### What is required
From the records that follow, copy every line that contains the word "converges".

[Collected data entries]
++++++++++
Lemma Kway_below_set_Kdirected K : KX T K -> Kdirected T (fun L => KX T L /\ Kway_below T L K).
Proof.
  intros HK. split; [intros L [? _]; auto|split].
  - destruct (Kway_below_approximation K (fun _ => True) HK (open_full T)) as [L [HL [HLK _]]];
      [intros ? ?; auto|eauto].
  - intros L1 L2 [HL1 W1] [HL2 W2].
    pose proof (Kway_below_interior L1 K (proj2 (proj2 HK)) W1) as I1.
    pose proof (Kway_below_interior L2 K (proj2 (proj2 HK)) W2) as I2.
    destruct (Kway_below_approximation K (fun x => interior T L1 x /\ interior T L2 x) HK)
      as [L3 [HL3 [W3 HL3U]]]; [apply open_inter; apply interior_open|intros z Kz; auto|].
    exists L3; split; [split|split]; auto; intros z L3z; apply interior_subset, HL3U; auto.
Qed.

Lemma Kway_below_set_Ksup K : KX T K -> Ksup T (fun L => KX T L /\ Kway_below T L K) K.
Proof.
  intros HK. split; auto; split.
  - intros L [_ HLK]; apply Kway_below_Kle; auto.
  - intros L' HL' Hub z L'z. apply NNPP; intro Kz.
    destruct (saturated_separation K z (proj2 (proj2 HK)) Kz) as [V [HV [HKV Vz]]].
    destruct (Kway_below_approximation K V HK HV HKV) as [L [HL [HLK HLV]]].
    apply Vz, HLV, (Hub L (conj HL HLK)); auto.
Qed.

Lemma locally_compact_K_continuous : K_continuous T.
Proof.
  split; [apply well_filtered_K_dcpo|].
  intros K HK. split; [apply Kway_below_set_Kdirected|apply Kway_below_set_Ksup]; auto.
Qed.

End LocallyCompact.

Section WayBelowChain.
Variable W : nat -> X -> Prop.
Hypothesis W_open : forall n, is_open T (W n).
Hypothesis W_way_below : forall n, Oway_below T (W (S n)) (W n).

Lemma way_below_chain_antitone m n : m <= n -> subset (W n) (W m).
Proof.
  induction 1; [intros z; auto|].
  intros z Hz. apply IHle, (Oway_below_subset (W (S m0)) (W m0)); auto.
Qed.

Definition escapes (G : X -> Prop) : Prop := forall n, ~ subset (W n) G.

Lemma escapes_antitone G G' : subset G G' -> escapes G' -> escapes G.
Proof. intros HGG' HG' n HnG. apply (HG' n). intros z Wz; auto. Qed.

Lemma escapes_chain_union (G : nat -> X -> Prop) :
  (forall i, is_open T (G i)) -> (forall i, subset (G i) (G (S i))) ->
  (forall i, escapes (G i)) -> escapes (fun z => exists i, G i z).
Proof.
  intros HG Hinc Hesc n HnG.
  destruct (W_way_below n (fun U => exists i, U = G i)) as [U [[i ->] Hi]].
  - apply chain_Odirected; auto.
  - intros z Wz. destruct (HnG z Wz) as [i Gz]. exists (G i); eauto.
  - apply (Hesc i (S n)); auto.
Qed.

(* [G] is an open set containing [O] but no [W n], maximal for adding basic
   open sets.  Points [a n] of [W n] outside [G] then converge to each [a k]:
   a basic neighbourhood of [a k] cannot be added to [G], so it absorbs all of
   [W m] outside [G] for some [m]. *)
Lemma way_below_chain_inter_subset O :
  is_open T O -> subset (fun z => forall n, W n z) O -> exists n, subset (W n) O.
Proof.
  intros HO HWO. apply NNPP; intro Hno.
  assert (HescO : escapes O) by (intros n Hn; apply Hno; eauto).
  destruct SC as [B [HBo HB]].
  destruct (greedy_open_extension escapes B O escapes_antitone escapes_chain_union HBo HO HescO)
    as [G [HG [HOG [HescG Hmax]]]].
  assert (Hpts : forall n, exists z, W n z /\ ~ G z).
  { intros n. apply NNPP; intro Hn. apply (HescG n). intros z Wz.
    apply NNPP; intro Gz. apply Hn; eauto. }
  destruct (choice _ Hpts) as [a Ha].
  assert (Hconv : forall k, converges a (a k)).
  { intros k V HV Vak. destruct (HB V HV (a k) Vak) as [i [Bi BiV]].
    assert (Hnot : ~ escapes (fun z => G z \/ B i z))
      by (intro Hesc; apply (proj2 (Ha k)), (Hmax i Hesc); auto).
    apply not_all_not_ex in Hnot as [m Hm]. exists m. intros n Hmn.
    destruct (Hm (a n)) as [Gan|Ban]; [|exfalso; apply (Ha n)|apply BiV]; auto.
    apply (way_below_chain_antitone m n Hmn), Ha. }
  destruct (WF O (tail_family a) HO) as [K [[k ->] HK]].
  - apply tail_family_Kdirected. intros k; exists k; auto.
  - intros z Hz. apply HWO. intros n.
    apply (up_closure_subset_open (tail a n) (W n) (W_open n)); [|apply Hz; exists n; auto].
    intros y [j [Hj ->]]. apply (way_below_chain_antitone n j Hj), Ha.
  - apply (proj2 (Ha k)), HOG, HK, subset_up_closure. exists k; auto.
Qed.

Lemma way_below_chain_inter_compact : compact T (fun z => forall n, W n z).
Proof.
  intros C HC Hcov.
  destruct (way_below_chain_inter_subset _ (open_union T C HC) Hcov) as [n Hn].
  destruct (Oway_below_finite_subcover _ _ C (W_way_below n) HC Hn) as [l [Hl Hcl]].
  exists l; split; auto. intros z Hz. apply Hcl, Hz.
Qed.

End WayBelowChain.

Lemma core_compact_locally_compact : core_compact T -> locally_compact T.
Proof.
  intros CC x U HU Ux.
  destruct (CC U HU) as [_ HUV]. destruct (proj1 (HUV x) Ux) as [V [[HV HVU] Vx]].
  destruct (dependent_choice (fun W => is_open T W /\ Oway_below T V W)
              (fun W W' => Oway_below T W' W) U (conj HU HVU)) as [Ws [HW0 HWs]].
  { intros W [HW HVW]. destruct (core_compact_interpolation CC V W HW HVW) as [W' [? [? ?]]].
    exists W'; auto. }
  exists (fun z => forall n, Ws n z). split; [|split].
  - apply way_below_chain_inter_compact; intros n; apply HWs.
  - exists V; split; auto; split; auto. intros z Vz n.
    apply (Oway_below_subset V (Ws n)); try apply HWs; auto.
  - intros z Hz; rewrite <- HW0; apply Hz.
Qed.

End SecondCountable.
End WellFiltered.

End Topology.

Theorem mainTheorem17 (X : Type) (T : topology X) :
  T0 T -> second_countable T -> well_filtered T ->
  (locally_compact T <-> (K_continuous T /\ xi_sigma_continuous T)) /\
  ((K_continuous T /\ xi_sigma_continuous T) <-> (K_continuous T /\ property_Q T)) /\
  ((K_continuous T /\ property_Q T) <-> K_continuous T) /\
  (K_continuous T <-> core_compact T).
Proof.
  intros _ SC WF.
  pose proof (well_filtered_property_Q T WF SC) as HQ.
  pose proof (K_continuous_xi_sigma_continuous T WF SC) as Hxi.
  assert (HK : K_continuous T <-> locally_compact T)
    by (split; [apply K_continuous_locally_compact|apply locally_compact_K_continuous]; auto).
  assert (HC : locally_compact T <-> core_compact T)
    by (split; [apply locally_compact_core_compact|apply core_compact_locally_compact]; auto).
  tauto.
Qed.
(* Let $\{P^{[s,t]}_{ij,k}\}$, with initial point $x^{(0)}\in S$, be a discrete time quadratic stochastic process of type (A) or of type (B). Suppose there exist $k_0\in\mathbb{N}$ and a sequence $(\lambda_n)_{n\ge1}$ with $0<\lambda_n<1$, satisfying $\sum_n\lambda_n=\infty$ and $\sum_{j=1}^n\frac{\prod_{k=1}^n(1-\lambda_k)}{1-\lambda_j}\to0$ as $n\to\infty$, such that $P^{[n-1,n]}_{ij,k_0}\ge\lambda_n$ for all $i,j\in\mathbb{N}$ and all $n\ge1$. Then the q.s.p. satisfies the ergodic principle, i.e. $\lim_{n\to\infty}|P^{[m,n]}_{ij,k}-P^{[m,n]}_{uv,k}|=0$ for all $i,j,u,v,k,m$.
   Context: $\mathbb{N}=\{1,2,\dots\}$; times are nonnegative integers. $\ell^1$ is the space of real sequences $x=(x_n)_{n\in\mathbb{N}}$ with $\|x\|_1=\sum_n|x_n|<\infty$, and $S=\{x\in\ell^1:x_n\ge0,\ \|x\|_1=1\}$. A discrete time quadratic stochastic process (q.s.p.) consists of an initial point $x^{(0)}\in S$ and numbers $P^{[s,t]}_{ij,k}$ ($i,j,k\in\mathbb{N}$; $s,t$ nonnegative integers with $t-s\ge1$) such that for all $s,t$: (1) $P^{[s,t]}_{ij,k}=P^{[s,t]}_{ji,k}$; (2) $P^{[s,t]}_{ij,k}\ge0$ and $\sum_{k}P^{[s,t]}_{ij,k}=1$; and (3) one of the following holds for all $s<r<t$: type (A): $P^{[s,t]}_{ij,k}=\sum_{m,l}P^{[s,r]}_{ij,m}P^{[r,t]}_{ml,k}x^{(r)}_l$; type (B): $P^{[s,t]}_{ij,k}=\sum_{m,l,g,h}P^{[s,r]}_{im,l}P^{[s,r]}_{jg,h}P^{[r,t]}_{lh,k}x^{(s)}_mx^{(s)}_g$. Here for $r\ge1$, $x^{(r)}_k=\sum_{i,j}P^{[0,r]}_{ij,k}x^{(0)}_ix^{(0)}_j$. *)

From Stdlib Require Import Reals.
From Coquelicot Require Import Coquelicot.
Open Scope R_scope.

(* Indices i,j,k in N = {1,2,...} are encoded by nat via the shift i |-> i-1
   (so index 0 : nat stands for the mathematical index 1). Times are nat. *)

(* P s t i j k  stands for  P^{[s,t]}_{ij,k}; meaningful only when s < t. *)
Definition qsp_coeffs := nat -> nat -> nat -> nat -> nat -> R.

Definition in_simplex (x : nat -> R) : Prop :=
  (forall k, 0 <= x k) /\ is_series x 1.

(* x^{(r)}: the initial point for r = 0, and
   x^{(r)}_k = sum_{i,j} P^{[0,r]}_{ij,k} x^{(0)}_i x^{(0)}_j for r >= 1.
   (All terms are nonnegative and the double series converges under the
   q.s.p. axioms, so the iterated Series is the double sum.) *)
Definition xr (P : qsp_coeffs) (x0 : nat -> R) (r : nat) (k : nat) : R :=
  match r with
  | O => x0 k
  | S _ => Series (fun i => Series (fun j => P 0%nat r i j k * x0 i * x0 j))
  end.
++++++++++
### Output below
  assert (Hconv : forall k, converges a (a k)).
   (All terms are nonnegative and the double series converges under the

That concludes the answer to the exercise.